## DATASET:
▼

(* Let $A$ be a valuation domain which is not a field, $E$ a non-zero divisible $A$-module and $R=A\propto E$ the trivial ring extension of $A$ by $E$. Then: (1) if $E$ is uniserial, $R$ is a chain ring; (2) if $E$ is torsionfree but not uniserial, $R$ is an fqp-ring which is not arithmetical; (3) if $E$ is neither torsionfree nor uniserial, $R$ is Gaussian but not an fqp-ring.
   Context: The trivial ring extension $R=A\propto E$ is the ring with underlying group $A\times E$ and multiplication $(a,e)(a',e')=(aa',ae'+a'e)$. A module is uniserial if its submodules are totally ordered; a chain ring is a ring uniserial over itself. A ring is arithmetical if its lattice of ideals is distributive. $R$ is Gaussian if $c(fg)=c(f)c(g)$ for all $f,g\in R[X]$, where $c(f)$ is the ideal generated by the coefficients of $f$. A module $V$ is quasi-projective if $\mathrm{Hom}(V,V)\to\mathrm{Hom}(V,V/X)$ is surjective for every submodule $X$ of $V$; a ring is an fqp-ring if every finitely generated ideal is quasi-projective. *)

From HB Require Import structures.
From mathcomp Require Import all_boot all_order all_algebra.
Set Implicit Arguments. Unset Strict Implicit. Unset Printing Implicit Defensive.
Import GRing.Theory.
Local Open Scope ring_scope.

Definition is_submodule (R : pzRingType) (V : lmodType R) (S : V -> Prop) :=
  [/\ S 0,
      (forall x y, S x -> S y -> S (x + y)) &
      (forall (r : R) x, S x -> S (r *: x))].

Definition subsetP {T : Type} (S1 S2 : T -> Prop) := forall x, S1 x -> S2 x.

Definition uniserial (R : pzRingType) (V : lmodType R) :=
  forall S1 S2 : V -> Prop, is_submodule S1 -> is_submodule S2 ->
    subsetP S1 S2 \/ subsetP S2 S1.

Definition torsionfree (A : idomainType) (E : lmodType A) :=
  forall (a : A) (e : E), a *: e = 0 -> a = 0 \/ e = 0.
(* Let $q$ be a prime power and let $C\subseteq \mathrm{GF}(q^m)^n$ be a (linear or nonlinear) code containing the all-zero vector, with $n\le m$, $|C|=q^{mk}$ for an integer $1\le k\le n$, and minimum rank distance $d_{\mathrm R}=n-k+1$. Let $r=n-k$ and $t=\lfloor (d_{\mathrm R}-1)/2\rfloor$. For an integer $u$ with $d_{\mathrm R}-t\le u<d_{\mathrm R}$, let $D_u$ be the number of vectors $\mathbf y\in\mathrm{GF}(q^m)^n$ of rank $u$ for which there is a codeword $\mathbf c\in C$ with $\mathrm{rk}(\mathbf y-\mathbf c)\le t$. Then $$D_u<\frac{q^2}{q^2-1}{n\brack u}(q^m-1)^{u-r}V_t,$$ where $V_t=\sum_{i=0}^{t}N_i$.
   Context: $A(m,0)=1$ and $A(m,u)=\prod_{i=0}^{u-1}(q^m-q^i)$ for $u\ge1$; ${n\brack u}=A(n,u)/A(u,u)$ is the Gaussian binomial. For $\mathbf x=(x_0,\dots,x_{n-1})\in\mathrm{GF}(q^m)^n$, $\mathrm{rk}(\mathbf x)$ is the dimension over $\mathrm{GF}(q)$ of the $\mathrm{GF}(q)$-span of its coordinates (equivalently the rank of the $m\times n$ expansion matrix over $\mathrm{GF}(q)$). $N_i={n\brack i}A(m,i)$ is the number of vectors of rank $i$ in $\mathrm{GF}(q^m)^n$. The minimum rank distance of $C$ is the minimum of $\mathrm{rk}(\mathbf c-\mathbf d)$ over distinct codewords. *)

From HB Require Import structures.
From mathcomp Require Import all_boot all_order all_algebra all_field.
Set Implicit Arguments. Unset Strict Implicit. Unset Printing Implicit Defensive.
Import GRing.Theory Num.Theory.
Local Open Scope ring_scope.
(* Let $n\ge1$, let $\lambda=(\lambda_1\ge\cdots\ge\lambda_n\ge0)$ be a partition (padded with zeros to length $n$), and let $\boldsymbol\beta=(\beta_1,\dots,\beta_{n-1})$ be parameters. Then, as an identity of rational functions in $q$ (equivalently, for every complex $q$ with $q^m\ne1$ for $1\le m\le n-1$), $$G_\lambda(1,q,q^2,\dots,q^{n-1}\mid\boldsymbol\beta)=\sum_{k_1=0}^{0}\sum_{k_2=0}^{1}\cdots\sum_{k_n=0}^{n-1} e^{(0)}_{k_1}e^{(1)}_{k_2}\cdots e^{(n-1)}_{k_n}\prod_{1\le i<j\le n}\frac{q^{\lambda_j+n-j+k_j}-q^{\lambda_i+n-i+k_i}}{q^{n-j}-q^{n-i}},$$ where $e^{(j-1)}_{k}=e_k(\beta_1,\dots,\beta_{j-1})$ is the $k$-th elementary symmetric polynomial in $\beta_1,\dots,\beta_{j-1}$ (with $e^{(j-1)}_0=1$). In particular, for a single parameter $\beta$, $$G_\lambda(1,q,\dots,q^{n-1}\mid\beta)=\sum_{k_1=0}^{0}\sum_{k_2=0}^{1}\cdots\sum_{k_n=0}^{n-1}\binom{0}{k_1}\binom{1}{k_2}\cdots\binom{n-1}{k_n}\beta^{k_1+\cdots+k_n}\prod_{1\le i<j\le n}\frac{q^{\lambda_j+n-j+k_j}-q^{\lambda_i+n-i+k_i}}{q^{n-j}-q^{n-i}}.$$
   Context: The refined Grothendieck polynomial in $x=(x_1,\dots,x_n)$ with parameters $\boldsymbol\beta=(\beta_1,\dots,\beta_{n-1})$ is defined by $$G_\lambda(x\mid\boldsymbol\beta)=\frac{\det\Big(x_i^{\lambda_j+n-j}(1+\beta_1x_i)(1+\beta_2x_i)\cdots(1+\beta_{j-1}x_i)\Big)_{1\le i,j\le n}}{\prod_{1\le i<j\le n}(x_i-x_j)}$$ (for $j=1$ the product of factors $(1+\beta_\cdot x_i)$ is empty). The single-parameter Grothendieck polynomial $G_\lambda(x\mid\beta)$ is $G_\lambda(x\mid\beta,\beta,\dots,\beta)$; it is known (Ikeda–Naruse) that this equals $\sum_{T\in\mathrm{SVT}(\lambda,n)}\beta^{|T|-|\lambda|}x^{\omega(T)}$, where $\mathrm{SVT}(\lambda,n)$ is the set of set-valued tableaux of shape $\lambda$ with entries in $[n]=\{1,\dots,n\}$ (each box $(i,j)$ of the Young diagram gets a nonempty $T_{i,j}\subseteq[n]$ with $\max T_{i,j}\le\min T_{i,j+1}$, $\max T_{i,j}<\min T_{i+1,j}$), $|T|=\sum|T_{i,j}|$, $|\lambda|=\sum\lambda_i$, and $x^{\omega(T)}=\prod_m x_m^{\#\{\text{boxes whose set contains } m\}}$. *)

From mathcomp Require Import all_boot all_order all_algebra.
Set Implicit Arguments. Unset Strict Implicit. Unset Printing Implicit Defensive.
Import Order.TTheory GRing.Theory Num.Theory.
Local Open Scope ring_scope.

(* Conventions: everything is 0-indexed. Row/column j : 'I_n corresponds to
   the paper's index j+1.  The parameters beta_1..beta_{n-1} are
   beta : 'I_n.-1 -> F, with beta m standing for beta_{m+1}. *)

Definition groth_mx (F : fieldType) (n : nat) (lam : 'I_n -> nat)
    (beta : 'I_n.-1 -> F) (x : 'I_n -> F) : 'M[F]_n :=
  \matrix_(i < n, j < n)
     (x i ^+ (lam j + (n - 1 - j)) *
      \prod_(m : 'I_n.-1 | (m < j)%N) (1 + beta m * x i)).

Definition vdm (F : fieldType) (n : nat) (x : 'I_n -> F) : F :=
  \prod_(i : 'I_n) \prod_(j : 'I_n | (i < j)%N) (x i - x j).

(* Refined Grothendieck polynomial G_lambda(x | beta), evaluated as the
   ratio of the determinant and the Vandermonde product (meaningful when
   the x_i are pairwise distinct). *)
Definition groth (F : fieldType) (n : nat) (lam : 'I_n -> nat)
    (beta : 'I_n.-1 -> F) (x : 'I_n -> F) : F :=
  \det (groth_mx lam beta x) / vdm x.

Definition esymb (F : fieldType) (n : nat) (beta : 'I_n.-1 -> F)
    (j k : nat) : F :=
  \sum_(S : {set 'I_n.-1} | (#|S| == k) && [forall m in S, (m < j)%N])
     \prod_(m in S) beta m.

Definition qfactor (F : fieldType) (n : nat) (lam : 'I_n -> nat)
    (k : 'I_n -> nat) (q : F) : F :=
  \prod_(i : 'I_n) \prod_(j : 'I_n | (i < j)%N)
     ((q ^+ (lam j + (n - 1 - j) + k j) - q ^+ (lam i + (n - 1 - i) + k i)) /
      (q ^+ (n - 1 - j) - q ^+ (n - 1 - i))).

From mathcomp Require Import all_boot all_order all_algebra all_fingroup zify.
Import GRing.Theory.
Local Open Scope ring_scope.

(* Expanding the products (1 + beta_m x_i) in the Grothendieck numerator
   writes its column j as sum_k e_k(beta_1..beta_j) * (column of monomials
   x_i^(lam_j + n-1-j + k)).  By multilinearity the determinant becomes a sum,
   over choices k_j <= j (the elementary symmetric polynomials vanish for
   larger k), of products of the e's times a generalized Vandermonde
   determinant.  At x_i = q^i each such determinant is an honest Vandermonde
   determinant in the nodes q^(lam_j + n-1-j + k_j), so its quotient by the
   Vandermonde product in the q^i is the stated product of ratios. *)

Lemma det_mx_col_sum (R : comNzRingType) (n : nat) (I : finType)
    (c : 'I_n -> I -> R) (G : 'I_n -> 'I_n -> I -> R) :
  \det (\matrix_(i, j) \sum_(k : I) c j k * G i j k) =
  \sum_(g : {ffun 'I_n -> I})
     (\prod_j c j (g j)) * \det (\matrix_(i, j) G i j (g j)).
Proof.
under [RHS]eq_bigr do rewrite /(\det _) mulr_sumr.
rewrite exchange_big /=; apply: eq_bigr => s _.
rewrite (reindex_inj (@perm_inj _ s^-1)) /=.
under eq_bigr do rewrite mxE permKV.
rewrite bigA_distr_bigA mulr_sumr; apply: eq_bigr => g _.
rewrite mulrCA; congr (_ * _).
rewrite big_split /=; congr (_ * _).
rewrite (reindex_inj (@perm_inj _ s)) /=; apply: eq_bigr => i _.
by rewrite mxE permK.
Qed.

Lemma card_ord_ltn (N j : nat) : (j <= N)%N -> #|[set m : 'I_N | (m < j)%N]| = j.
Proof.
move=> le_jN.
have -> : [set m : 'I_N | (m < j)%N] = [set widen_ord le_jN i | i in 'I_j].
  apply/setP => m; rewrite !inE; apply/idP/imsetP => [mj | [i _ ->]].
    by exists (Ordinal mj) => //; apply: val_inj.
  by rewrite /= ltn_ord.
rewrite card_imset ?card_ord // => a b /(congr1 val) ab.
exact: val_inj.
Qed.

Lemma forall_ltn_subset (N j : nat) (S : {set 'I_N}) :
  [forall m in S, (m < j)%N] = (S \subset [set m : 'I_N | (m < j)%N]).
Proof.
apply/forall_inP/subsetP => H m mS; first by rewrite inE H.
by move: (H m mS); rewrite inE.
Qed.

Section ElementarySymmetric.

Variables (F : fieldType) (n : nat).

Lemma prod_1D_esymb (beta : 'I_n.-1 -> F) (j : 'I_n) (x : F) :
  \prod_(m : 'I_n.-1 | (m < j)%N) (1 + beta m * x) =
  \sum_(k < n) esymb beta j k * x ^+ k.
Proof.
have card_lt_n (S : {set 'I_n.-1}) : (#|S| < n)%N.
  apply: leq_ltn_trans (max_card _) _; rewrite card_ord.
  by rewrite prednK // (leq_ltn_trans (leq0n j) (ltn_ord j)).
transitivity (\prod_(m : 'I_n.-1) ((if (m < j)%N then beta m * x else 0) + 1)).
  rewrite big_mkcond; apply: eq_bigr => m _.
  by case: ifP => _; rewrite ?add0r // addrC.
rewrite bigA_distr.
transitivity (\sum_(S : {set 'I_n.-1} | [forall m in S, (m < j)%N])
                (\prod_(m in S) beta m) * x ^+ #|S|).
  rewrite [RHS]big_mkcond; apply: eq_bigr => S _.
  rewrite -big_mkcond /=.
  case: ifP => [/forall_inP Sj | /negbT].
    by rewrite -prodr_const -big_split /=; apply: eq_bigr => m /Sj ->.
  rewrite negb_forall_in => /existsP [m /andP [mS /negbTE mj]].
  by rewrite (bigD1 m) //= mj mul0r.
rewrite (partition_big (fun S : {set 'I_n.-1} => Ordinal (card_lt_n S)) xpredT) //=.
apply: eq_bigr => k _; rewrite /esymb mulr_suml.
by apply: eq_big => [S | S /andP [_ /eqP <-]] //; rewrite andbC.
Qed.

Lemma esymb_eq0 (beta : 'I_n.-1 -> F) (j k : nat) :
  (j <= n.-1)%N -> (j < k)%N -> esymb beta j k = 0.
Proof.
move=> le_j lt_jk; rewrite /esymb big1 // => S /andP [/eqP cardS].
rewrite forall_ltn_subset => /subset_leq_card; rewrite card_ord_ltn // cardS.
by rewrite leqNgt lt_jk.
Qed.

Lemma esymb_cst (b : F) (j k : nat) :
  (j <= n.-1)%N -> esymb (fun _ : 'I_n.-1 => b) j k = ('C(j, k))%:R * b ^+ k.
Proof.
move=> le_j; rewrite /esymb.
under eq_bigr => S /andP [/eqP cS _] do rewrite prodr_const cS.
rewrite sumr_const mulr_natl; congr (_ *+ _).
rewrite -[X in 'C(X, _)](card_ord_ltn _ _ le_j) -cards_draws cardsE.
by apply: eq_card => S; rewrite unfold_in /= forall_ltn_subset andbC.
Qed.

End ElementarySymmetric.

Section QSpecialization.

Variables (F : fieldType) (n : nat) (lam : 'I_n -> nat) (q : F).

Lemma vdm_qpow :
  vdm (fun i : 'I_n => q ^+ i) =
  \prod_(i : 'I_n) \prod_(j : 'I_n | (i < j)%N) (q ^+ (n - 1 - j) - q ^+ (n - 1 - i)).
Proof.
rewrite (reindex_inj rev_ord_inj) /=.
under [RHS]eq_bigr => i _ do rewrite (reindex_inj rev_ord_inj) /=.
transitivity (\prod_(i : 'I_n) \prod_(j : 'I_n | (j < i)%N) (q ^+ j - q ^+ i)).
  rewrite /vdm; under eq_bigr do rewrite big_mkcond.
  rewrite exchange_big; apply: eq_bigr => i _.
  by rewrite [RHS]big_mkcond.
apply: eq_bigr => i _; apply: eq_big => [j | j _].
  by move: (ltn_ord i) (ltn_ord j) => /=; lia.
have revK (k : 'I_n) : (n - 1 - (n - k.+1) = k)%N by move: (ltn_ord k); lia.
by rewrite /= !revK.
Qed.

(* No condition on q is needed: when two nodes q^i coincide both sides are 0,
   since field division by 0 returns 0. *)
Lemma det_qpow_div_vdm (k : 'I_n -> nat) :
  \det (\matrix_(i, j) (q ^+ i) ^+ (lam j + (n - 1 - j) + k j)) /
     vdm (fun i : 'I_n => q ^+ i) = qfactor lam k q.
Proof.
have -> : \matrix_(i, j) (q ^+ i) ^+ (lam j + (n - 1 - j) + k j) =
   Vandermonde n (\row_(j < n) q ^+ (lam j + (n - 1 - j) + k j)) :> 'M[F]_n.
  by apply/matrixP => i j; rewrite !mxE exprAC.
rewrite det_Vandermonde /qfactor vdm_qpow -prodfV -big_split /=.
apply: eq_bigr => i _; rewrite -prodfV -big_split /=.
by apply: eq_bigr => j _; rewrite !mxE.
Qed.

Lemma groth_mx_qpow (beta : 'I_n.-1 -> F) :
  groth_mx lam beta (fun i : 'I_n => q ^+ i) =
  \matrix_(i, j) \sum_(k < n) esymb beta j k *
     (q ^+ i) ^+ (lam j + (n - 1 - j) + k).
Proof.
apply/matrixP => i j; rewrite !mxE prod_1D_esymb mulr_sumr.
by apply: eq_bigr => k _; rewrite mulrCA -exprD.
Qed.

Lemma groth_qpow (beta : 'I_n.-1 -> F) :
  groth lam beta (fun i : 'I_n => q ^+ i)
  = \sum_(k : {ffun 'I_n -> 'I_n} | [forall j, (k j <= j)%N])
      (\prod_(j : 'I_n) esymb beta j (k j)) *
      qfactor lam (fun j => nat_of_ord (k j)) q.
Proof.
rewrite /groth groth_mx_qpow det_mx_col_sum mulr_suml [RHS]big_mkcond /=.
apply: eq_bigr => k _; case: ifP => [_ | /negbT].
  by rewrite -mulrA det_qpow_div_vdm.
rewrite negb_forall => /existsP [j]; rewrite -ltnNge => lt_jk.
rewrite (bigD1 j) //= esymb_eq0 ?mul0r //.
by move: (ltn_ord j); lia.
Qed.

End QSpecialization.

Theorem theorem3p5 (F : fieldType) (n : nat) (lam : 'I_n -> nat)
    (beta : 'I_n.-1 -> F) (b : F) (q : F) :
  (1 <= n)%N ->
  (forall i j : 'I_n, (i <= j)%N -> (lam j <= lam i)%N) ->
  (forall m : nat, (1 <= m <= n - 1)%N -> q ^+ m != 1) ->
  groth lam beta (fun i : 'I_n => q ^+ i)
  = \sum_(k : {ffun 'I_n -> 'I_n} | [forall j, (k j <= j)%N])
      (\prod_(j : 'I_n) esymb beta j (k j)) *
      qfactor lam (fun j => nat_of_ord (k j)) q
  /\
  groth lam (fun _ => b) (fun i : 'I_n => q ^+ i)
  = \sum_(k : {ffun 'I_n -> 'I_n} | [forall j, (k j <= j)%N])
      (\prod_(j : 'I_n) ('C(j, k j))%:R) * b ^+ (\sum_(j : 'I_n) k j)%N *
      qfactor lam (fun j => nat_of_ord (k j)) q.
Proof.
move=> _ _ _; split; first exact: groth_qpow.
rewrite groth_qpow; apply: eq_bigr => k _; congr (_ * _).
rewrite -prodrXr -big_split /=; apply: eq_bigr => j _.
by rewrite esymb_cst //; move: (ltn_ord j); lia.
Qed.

▲

## WORK TO BE COMPLETED:
Using the records above, write out exactly the lines between the one holding "(* No condition" and the one holding "have -> : \matrix_(i, j)", inclusive; leave everything else out.

## OUTPUT BELOW:
(* No condition on q is needed: when two nodes q^i coincide both sides are 0,
   since field division by 0 returns 0. *)
Lemma det_qpow_div_vdm (k : 'I_n -> nat) :
  \det (\matrix_(i, j) (q ^+ i) ^+ (lam j + (n - 1 - j) + k j)) /
     vdm (fun i : 'I_n => q ^+ i) = qfactor lam k q.
Proof.
have -> : \matrix_(i, j) (q ^+ i) ^+ (lam j + (n - 1 - j) + k j) =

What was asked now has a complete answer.